> [About this task] Return exactly the lines of the records below, starting at the line that contains "set (E := Rpower 2 (- (m + 1)))." and ending at the line that contains "is_lim f p_infty 0.", with both of those lines kept.

(Stored entries)
========================================
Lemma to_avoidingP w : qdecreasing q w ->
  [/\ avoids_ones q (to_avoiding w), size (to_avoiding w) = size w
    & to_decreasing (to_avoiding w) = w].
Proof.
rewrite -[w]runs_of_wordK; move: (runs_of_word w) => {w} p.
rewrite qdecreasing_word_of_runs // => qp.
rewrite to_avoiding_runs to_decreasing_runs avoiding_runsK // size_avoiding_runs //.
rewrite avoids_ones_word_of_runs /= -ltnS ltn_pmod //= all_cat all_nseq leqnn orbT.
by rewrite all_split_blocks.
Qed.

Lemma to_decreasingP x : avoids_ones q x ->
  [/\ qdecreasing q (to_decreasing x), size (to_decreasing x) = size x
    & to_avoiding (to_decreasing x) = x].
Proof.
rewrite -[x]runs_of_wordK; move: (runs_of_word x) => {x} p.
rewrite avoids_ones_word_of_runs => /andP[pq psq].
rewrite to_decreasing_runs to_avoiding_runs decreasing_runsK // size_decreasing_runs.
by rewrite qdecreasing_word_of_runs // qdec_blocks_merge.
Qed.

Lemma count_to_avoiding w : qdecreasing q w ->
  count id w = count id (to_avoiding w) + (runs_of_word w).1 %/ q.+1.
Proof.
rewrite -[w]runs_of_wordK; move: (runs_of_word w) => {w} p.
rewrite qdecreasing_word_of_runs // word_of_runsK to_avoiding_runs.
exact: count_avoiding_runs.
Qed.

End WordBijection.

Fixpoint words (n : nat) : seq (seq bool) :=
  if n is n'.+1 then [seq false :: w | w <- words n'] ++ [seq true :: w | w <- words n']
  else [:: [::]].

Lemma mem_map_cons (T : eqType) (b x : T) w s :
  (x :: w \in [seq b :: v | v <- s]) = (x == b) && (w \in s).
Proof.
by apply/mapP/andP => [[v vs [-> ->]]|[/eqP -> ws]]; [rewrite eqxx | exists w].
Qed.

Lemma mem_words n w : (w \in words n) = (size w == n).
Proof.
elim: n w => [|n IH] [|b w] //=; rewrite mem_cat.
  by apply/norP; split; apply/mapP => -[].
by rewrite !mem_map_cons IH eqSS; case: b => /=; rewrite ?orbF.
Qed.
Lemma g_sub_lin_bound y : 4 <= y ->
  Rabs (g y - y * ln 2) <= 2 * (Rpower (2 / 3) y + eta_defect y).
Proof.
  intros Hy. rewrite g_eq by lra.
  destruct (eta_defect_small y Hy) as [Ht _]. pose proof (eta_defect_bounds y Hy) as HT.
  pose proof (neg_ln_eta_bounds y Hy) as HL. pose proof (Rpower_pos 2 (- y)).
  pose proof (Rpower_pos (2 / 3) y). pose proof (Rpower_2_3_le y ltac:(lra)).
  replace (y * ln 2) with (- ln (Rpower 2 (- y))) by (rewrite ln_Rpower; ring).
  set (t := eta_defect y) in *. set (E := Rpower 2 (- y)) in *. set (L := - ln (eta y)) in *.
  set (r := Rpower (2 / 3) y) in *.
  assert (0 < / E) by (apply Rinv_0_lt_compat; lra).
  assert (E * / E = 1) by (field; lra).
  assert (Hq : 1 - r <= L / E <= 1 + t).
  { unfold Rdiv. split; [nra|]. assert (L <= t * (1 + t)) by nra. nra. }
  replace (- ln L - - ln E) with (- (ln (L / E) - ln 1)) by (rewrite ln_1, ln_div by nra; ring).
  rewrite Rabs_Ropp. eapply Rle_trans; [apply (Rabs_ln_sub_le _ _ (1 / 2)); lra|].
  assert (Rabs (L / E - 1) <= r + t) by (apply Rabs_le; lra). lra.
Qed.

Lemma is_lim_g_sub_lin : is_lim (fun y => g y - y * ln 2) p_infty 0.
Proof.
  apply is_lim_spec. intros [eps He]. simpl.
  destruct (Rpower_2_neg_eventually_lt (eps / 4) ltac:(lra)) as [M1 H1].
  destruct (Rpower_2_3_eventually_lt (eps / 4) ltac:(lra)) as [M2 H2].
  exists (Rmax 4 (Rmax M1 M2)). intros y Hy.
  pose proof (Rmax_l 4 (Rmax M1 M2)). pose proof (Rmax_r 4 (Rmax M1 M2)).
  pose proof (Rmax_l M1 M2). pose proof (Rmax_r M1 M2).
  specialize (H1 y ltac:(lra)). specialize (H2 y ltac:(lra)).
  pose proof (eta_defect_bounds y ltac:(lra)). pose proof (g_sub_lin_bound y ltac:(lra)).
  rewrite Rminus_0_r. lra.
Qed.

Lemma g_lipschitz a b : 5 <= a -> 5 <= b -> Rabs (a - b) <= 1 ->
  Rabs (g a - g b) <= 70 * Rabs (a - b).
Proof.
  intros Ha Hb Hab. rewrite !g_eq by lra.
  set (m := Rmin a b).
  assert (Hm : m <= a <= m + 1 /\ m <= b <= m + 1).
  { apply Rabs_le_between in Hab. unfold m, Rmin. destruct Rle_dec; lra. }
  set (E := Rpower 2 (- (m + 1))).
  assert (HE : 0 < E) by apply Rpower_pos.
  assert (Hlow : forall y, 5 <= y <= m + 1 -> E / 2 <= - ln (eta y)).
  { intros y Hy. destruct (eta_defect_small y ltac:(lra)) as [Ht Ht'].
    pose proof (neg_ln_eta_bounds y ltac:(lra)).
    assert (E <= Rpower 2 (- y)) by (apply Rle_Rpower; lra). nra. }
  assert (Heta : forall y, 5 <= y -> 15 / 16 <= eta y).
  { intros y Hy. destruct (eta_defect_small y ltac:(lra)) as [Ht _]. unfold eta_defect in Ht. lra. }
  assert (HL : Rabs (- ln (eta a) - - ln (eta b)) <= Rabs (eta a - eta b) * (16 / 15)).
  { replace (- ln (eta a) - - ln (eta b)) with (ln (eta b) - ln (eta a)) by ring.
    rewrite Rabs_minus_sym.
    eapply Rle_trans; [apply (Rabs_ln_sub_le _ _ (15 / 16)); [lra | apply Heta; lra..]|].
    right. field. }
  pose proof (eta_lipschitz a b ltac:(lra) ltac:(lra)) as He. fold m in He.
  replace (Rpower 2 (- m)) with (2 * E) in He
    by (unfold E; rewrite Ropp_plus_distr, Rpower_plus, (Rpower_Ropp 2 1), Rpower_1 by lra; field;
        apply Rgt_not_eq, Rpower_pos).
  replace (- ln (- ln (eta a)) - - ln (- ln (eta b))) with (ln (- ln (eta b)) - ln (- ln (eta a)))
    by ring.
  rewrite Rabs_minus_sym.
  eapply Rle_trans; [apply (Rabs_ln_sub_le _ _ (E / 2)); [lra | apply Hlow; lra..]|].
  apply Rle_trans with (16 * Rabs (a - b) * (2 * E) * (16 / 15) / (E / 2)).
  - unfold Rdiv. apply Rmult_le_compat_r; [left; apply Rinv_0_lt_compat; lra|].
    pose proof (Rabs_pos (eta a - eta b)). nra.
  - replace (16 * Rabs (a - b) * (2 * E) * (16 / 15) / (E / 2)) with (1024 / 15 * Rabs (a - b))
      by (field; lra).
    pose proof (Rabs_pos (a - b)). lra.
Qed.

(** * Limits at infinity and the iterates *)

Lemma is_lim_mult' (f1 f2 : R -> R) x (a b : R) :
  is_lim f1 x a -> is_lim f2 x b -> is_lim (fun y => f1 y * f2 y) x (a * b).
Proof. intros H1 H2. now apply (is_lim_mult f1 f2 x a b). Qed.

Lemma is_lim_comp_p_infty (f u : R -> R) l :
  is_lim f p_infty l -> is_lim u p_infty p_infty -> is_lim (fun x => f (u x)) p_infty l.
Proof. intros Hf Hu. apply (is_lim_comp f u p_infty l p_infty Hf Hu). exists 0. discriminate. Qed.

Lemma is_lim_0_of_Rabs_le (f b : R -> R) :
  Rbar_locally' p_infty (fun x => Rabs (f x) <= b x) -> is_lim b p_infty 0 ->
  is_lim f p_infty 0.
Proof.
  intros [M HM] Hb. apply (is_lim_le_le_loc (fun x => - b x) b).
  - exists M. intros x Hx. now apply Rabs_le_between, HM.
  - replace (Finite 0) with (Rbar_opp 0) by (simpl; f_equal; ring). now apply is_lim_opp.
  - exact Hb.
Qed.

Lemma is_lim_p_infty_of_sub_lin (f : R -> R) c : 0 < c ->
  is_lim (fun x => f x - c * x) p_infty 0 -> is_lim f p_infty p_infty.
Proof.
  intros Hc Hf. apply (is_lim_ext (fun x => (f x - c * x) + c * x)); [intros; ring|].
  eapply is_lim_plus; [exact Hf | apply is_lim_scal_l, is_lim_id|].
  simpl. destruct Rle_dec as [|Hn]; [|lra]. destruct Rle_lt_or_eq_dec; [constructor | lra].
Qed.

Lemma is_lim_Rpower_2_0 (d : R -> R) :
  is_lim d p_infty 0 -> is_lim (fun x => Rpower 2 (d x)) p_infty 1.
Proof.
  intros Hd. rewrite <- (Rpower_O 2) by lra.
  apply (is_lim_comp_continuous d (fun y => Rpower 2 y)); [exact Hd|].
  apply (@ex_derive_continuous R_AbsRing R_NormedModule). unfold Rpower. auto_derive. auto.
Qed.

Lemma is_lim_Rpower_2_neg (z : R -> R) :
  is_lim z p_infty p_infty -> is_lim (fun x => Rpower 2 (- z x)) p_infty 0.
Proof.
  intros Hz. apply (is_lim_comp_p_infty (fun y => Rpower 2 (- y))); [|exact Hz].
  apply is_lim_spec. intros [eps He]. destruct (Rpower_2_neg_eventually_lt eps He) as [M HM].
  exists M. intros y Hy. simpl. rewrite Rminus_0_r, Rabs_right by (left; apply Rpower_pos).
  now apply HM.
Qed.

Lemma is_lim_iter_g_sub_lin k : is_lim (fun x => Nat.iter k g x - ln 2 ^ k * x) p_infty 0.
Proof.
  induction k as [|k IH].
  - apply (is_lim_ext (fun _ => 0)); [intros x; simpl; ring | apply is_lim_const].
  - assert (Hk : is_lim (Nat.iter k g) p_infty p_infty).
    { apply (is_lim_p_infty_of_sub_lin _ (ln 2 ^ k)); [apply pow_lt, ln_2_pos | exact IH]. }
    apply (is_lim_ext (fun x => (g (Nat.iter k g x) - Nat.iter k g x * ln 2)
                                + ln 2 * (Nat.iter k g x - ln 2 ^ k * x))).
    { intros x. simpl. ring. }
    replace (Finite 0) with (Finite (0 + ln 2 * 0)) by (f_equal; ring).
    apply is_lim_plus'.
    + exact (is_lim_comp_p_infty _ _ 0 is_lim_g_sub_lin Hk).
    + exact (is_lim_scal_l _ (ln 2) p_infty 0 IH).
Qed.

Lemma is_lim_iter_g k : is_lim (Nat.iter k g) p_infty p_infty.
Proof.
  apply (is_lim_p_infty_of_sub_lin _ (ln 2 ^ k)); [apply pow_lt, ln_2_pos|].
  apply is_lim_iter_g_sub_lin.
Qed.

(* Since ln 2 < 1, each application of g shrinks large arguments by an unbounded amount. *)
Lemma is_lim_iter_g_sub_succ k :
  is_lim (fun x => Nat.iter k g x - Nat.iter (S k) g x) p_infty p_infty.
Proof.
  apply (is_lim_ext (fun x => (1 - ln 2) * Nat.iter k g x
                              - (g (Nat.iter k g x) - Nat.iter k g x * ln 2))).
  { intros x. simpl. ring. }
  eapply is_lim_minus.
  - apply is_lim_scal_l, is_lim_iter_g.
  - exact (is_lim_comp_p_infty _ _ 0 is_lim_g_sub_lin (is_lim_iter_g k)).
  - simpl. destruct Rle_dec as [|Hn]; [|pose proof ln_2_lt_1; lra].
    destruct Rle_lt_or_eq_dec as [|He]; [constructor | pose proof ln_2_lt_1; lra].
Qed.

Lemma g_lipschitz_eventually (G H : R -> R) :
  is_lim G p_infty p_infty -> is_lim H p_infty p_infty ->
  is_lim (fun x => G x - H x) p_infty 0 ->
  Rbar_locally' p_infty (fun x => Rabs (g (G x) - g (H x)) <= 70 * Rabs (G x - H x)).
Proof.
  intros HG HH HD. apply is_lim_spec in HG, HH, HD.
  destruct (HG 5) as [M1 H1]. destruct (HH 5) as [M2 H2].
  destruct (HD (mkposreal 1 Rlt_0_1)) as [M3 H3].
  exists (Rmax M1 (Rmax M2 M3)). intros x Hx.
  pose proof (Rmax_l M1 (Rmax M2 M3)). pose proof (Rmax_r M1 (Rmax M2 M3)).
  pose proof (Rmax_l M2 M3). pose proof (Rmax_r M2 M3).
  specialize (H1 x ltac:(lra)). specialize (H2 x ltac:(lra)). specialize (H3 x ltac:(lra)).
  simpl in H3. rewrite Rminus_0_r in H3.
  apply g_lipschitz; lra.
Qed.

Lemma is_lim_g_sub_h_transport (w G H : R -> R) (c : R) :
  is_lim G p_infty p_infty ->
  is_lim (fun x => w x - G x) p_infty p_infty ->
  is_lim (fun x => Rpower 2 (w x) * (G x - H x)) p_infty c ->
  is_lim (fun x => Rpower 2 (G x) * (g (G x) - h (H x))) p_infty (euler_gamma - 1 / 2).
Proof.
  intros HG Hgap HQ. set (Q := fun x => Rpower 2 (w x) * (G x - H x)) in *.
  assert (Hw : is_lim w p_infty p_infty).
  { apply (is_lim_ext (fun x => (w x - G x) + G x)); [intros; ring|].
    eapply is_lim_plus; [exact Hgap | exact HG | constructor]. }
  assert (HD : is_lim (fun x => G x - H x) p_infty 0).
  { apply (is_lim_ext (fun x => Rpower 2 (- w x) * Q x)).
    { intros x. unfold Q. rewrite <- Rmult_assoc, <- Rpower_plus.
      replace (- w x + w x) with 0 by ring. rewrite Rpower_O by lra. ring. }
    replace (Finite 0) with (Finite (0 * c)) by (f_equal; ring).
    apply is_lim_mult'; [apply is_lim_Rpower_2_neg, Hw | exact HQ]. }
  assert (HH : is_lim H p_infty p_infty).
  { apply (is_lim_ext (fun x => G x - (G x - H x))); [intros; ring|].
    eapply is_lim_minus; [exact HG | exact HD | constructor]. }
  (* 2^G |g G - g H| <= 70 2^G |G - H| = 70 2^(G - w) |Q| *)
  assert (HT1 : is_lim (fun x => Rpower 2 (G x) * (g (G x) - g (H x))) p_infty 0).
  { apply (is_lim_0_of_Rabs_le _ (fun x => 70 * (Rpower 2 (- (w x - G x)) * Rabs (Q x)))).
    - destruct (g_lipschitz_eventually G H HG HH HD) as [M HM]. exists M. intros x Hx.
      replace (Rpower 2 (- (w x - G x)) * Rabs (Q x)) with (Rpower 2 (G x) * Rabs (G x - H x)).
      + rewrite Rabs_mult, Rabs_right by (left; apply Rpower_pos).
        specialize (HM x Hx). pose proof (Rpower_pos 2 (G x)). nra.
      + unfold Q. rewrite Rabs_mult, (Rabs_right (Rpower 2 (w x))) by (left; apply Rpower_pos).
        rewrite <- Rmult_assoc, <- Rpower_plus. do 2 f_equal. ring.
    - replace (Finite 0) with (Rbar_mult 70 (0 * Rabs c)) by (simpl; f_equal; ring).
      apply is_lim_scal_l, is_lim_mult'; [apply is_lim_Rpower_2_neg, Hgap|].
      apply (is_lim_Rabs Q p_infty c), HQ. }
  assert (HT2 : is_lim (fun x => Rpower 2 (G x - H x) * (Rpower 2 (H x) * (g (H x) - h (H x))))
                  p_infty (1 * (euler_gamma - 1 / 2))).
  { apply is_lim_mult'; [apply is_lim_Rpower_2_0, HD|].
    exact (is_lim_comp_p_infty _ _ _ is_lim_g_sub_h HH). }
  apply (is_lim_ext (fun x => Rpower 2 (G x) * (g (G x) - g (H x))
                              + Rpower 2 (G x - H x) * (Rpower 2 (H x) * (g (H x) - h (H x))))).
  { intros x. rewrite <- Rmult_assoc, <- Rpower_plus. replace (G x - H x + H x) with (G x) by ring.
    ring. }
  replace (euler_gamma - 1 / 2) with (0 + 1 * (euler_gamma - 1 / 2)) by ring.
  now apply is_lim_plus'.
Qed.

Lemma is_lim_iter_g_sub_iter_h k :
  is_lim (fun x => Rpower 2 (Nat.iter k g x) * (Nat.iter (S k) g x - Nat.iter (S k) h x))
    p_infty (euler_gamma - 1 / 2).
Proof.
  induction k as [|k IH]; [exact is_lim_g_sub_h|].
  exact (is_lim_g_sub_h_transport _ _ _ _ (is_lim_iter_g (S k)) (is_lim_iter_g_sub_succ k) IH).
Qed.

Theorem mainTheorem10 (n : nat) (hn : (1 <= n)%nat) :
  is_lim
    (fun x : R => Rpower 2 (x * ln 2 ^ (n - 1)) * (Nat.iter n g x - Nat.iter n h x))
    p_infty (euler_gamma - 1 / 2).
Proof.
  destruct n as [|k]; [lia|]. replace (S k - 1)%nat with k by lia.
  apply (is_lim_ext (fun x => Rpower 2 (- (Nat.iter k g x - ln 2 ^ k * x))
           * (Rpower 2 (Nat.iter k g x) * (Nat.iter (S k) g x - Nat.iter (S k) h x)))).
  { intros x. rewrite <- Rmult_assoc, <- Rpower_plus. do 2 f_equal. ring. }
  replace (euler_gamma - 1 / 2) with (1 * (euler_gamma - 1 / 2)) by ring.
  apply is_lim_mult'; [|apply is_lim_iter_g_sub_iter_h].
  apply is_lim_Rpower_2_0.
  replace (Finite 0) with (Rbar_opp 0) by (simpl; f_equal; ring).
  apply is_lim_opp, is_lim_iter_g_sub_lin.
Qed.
========================================
> [Completed exercise]
  set (E := Rpower 2 (- (m + 1))).
  assert (HE : 0 < E) by apply Rpower_pos.
  assert (Hlow : forall y, 5 <= y <= m + 1 -> E / 2 <= - ln (eta y)).
  { intros y Hy. destruct (eta_defect_small y ltac:(lra)) as [Ht Ht'].
    pose proof (neg_ln_eta_bounds y ltac:(lra)).
    assert (E <= Rpower 2 (- y)) by (apply Rle_Rpower; lra). nra. }
  assert (Heta : forall y, 5 <= y -> 15 / 16 <= eta y).
  { intros y Hy. destruct (eta_defect_small y ltac:(lra)) as [Ht _]. unfold eta_defect in Ht. lra. }
  assert (HL : Rabs (- ln (eta a) - - ln (eta b)) <= Rabs (eta a - eta b) * (16 / 15)).
  { replace (- ln (eta a) - - ln (eta b)) with (ln (eta b) - ln (eta a)) by ring.
    rewrite Rabs_minus_sym.
    eapply Rle_trans; [apply (Rabs_ln_sub_le _ _ (15 / 16)); [lra | apply Heta; lra..]|].
    right. field. }
  pose proof (eta_lipschitz a b ltac:(lra) ltac:(lra)) as He. fold m in He.
  replace (Rpower 2 (- m)) with (2 * E) in He
    by (unfold E; rewrite Ropp_plus_distr, Rpower_plus, (Rpower_Ropp 2 1), Rpower_1 by lra; field;
        apply Rgt_not_eq, Rpower_pos).
  replace (- ln (- ln (eta a)) - - ln (- ln (eta b))) with (ln (- ln (eta b)) - ln (- ln (eta a)))
    by ring.
  rewrite Rabs_minus_sym.
  eapply Rle_trans; [apply (Rabs_ln_sub_le _ _ (E / 2)); [lra | apply Hlow; lra..]|].
  apply Rle_trans with (16 * Rabs (a - b) * (2 * E) * (16 / 15) / (E / 2)).
  - unfold Rdiv. apply Rmult_le_compat_r; [left; apply Rinv_0_lt_compat; lra|].
    pose proof (Rabs_pos (eta a - eta b)). nra.
  - replace (16 * Rabs (a - b) * (2 * E) * (16 / 15) / (E / 2)) with (1024 / 15 * Rabs (a - b))
      by (field; lra).
    pose proof (Rabs_pos (a - b)). lra.
Qed.

(** * Limits at infinity and the iterates *)

Lemma is_lim_mult' (f1 f2 : R -> R) x (a b : R) :
  is_lim f1 x a -> is_lim f2 x b -> is_lim (fun y => f1 y * f2 y) x (a * b).
Proof. intros H1 H2. now apply (is_lim_mult f1 f2 x a b). Qed.

Lemma is_lim_comp_p_infty (f u : R -> R) l :
  is_lim f p_infty l -> is_lim u p_infty p_infty -> is_lim (fun x => f (u x)) p_infty l.
Proof. intros Hf Hu. apply (is_lim_comp f u p_infty l p_infty Hf Hu). exists 0. discriminate. Qed.

Lemma is_lim_0_of_Rabs_le (f b : R -> R) :
  Rbar_locally' p_infty (fun x => Rabs (f x) <= b x) -> is_lim b p_infty 0 ->
  is_lim f p_infty 0.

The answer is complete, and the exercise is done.